──────── Data records ────────

Lemma distinct_primes_cons p t D : distinct_primes p (t :: D) ->
  distinct_primes p D /\ prime (Z.of_nat (p t)) /\ ~ In (p t) (map p D).
Proof.
  intros [ND HP]. simpl in ND. inversion ND; subst.
  split; [split; auto; intros; apply HP; simpl; auto |]. split; auto. apply HP; simpl; auto.
Qed.

Lemma m_I_cons p t D : m_I p (t :: D) = (p t * m_I p D)%nat.
Proof. reflexivity. Qed.

Lemma m_I_pos p D : (forall s, In s D -> 0 < p s)%nat -> (0 < m_I p D)%nat.
Proof.
  induction D as [|a D IH]; intros H; [unfold m_I; simpl; lia |]. rewrite m_I_cons.
  assert (0 < p a)%nat by (apply H; simpl; auto).
  assert (0 < m_I p D)%nat by (apply IH; intros; apply H; simpl; auto). nia.
Qed.

Lemma dvd_m_I p D t : In t D -> Nat.divide (p t) (m_I p D).
Proof.
  induction D as [|a D IH]; simpl; intros H; [contradiction |]. rewrite m_I_cons.
  destruct H as [-> | H]; [apply Nat.divide_factor_l |].
  apply Nat.divide_mul_r, IH, H.
Qed.

Lemma Nat_Z_divide a b : Nat.divide a b <-> (Z.of_nat a | Z.of_nat b)%Z.
Proof.
  split; [intros [k ->]; exists (Z.of_nat k); lia |].
  intros [k Hk]. destruct (Nat.eq_dec a 0) as [-> | Ha]; [exists 0%nat; lia |].
  assert (0 <= k)%Z by nia. exists (Z.to_nat k). nia.
Qed.

Lemma prime_not_dvd_m_I p q D : prime (Z.of_nat q) -> distinct_primes p D -> ~ In q (map p D) ->
  ~ (Z.of_nat q | Z.of_nat (m_I p D))%Z.
Proof.
  intros Hq. induction D as [|a D IH]; intros HD Hout Hdvd.
  - apply Z.divide_pos_le in Hdvd; [| simpl; lia]. apply prime_ge_2 in Hq. simpl in Hdvd. lia.
  - destruct (distinct_primes_cons _ _ _ HD) as [HD' [Ha _]].
    rewrite m_I_cons, Nat2Z.inj_mul in Hdvd. apply prime_mult in Hdvd; auto.
    destruct Hdvd as [Hdvd | Hdvd].
    + apply prime_div_prime in Hdvd; auto. apply Hout. simpl. left. lia.
    + apply IH; auto. intros Hin. apply Hout. simpl; auto.
Qed.

Lemma m_I_dvd p D X : distinct_primes p D ->
  (forall s, In s D -> Nat.divide (p s) X) -> Nat.divide (m_I p D) X.
Proof.
  induction D as [|a D IH]; intros HD H; [apply Nat.divide_1_l |].
  destruct (distinct_primes_cons _ _ _ HD) as [HD' [Ha Hout]]. rewrite m_I_cons.
  destruct (IH HD' ltac:(intros; apply H; simpl; auto)) as [k Hk].
  assert (Hdiv : (Z.of_nat (p a) | Z.of_nat (m_I p D) * Z.of_nat k)%Z).
  { rewrite <- Nat2Z.inj_mul, <- Nat_Z_divide, Nat.mul_comm, <- Hk. apply H; simpl; auto. }
  apply Gauss in Hdiv; [| apply prime_rel_prime; auto; now apply prime_not_dvd_m_I].
  apply Nat_Z_divide in Hdiv. destruct Hdiv as [j ->]. exists j. lia.
Qed.

Lemma affine_mod_injective q m i j1 j2 : prime (Z.of_nat q) -> ~ (Z.of_nat q | Z.of_nat m)%Z ->
  (j1 < q)%nat -> (j2 < q)%nat -> ((m * j1 + i) mod q = (m * j2 + i) mod q)%nat -> j1 = j2.
Proof.
  intros Hq Hm. pose proof (prime_ge_2 _ Hq) as Hq2.
  enough (Hle : forall a b, (a <= b < q)%nat -> ((m * a + i) mod q = (m * b + i) mod q)%nat -> a = b).
  { intros H1 H2 E. destruct (Nat.le_ge_cases j1 j2); [| symmetry]; apply Hle; auto; lia. }
  intros a b Hab E.
  assert (Hd : Nat.divide q (m * (b - a))).
  { pose proof (Nat.div_mod_eq (m * a + i) q). pose proof (Nat.div_mod_eq (m * b + i) q).
    exists ((m * b + i) / q - (m * a + i) / q)%nat. rewrite Nat.mul_sub_distr_r. nia. }
  apply Nat_Z_divide in Hd. rewrite Nat2Z.inj_mul in Hd. apply prime_mult in Hd; auto.
  destruct Hd as [Hd | Hd]; [contradiction |].
  destruct (Nat.eq_dec (b - a) 0); [lia |]. apply Z.divide_pos_le in Hd; lia.
Qed.

Definition small_residues (p : nat -> nat) (B : nat) (D : list nat) (h : nat) : bool :=
  forallb (fun t => h mod p t <? B)%nat D.

Definition count_small (p : nat -> nat) (B : nat) (D : list nat) (N : nat) : R :=
  rsum (fun h => indic (small_residues p B D h)) (seq 0 N).

Lemma indic_andb a b : indic (a && b) = indic a * indic b.
Proof. destruct a, b; unfold indic; simpl; lra. Qed.

Lemma forallb_ext_in {A} (f g : A -> bool) l :
  (forall x, In x l -> f x = g x) -> forallb f l = forallb g l.
Proof. induction l; simpl; intros H; auto. rewrite H, IHl; auto. Qed.

Lemma small_residues_periodic p B D j i :
  small_residues p B D (m_I p D * j + i) = small_residues p B D i.
Proof.
  unfold small_residues. apply forallb_ext_in. intros t Ht.
  destruct (dvd_m_I p D t Ht) as [k ->].
  replace (k * p t * j + i)%nat with (i + k * j * p t)%nat by lia.
  now rewrite Nat.Div0.mod_add.
Qed.

(* Chinese remainder count: over one period m_I there are exactly B^|D| such h. *)
Lemma count_small_period p B D : distinct_primes p D -> (forall s, In s D -> B < p s)%nat ->
  count_small p B D (m_I p D) = INR B ^ length D.
Proof.
  induction D as [|t D IH]; intros HD HB; [unfold count_small, indic; simpl; lra |].
  destruct (distinct_primes_cons _ _ _ HD) as [HD' [Ht Hout]].
  assert (HBt : (B < p t)%nat) by (apply HB; simpl; auto).
  pose proof (prime_not_dvd_m_I _ _ _ Ht HD' Hout) as Hcop.
  unfold count_small. rewrite m_I_cons, rsum_seq_blocks.
  rewrite (rsum_ext _ (fun j => rsum (fun i =>
     indic ((m_I p D * j + i) mod p t <? B)%nat * indic (small_residues p B D i)) (seq 0 (m_I p D)))).
  2:{ intros j _. apply rsum_ext. intros i _. unfold small_residues at 1. simpl forallb.
      rewrite indic_andb. fold (small_residues p B D (m_I p D * j + i)).
      now rewrite small_residues_periodic. }
  rewrite rsum_swap, (rsum_ext _ (fun i => INR B * indic (small_residues p B D i))).
  - rewrite rsum_scal. fold (count_small p B D (m_I p D)).
    rewrite IH; [simpl; ring | auto | intros; apply HB; simpl; auto].
  - intros i _. rewrite (rsum_ext _ (fun j => indic (small_residues p B D i) *
        indic ((fun j => (m_I p D * j + i) mod p t) j <? B)%nat)) by (intros; simpl; lra).
    rewrite rsum_scal, rsum_indic_below_injective; [lra | lia | |].
    + intros; apply Nat.mod_upper_bound; lia.
    + intros j1 j2 H1 H2 E. now apply (affine_mod_injective (p t) (m_I p D) i).
Qed.

Lemma count_small_approx p B D N : distinct_primes p D -> (forall s, In s D -> B < p s)%nat ->
  Rabs (count_small p B D N - INR N * (INR B ^ length D / INR (m_I p D))) <= INR B ^ length D.
Proof.
  intros HD HB.
  assert (Hm : (0 < m_I p D)%nat) by (apply m_I_pos; intros s Hs; specialize (HB s Hs); lia).
  set (m := m_I p D) in *. set (P := INR B ^ length D).
  assert (HP : count_small p B D m = P) by (apply count_small_period; auto).
  pose proof (Nat.div_mod_eq N m) as HN. set (q := (N / m)%nat) in *. set (r := (N mod m)%nat) in *.
  assert (Hr : (r < m)%nat) by (apply Nat.mod_upper_bound; lia).
  assert (Hsplit : count_small p B D N = INR q * P + count_small p B D r).
  { unfold count_small. rewrite HN, Nat.mul_comm, seq_app, rsum_app, rsum_seq_blocks.
    rewrite (rsum_ext _ (fun _ => P)), rsum_const, length_seq, (rsum_seq_shift _ (0 + q * m)).
    - f_equal; [ring |]. apply rsum_ext. intros i _.
      replace (0 + q * m + i)%nat with (m * q + i)%nat by lia. now rewrite small_residues_periodic.
    - intros j _. rewrite <- HP. apply rsum_ext. intros i _. now rewrite small_residues_periodic. }
  assert (Hrem : 0 <= count_small p B D r <= P).
  { unfold count_small. split; [apply rsum_nonneg; intros; unfold indic; destruct small_residues; lra |].
    rewrite <- HP. unfold count_small. replace m with (r + (m - r))%nat by lia.
    rewrite seq_app, rsum_app.
    assert (0 <= rsum (fun h => indic (small_residues p B D h)) (seq (0 + r) (m - r)))
      by (apply rsum_nonneg; intros; unfold indic; destruct small_residues; lra). lra. }
  assert (HmR : 0 < INR m) by (apply lt_0_INR; lia).
  assert (HrR : INR r < INR m) by (apply lt_INR; lia).
  assert (HP0 : 0 <= P) by (apply pow_le, pos_INR).
  assert (Hfrac : 0 <= INR r * (P / INR m) <= P).
  { split; [apply Rmult_le_pos; [apply pos_INR | apply Rmult_le_pos; [lra | apply Rlt_le, Rinv_0_lt_compat; lra]] |].
    apply Rmult_le_reg_r with (INR m); auto. unfold Rdiv.
    rewrite Rmult_assoc, (Rmult_assoc P), Rinv_l by lra. pose proof (pos_INR r). nra. }
  rewrite Hsplit, HN, plus_INR, mult_INR.
  replace ((INR m * INR q + INR r) * (P / INR m)) with (INR q * P + INR r * (P / INR m)) by (field; lra).
  apply Rabs_le. lra.
Qed.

────────

Using the data above, reproduce exactly the lines from the line that contains "assert (Hm : (0" through the line that contains "apply Rmult_le_reg_r with", including both.

  assert (Hm : (0 < m_I p D)%nat) by (apply m_I_pos; intros s Hs; specialize (HB s Hs); lia).
  set (m := m_I p D) in *. set (P := INR B ^ length D).
  assert (HP : count_small p B D m = P) by (apply count_small_period; auto).
  pose proof (Nat.div_mod_eq N m) as HN. set (q := (N / m)%nat) in *. set (r := (N mod m)%nat) in *.
  assert (Hr : (r < m)%nat) by (apply Nat.mod_upper_bound; lia).
  assert (Hsplit : count_small p B D N = INR q * P + count_small p B D r).
  { unfold count_small. rewrite HN, Nat.mul_comm, seq_app, rsum_app, rsum_seq_blocks.
    rewrite (rsum_ext _ (fun _ => P)), rsum_const, length_seq, (rsum_seq_shift _ (0 + q * m)).
    - f_equal; [ring |]. apply rsum_ext. intros i _.
      replace (0 + q * m + i)%nat with (m * q + i)%nat by lia. now rewrite small_residues_periodic.
    - intros j _. rewrite <- HP. apply rsum_ext. intros i _. now rewrite small_residues_periodic. }
  assert (Hrem : 0 <= count_small p B D r <= P).
  { unfold count_small. split; [apply rsum_nonneg; intros; unfold indic; destruct small_residues; lra |].
    rewrite <- HP. unfold count_small. replace m with (r + (m - r))%nat by lia.
    rewrite seq_app, rsum_app.
    assert (0 <= rsum (fun h => indic (small_residues p B D h)) (seq (0 + r) (m - r)))
      by (apply rsum_nonneg; intros; unfold indic; destruct small_residues; lra). lra. }
  assert (HmR : 0 < INR m) by (apply lt_0_INR; lia).
  assert (HrR : INR r < INR m) by (apply lt_INR; lia).
  assert (HP0 : 0 <= P) by (apply pow_le, pos_INR).
  assert (Hfrac : 0 <= INR r * (P / INR m) <= P).
  { split; [apply Rmult_le_pos; [apply pos_INR | apply Rmult_le_pos; [lra | apply Rlt_le, Rinv_0_lt_compat; lra]] |].
    apply Rmult_le_reg_r with (INR m); auto. unfold Rdiv.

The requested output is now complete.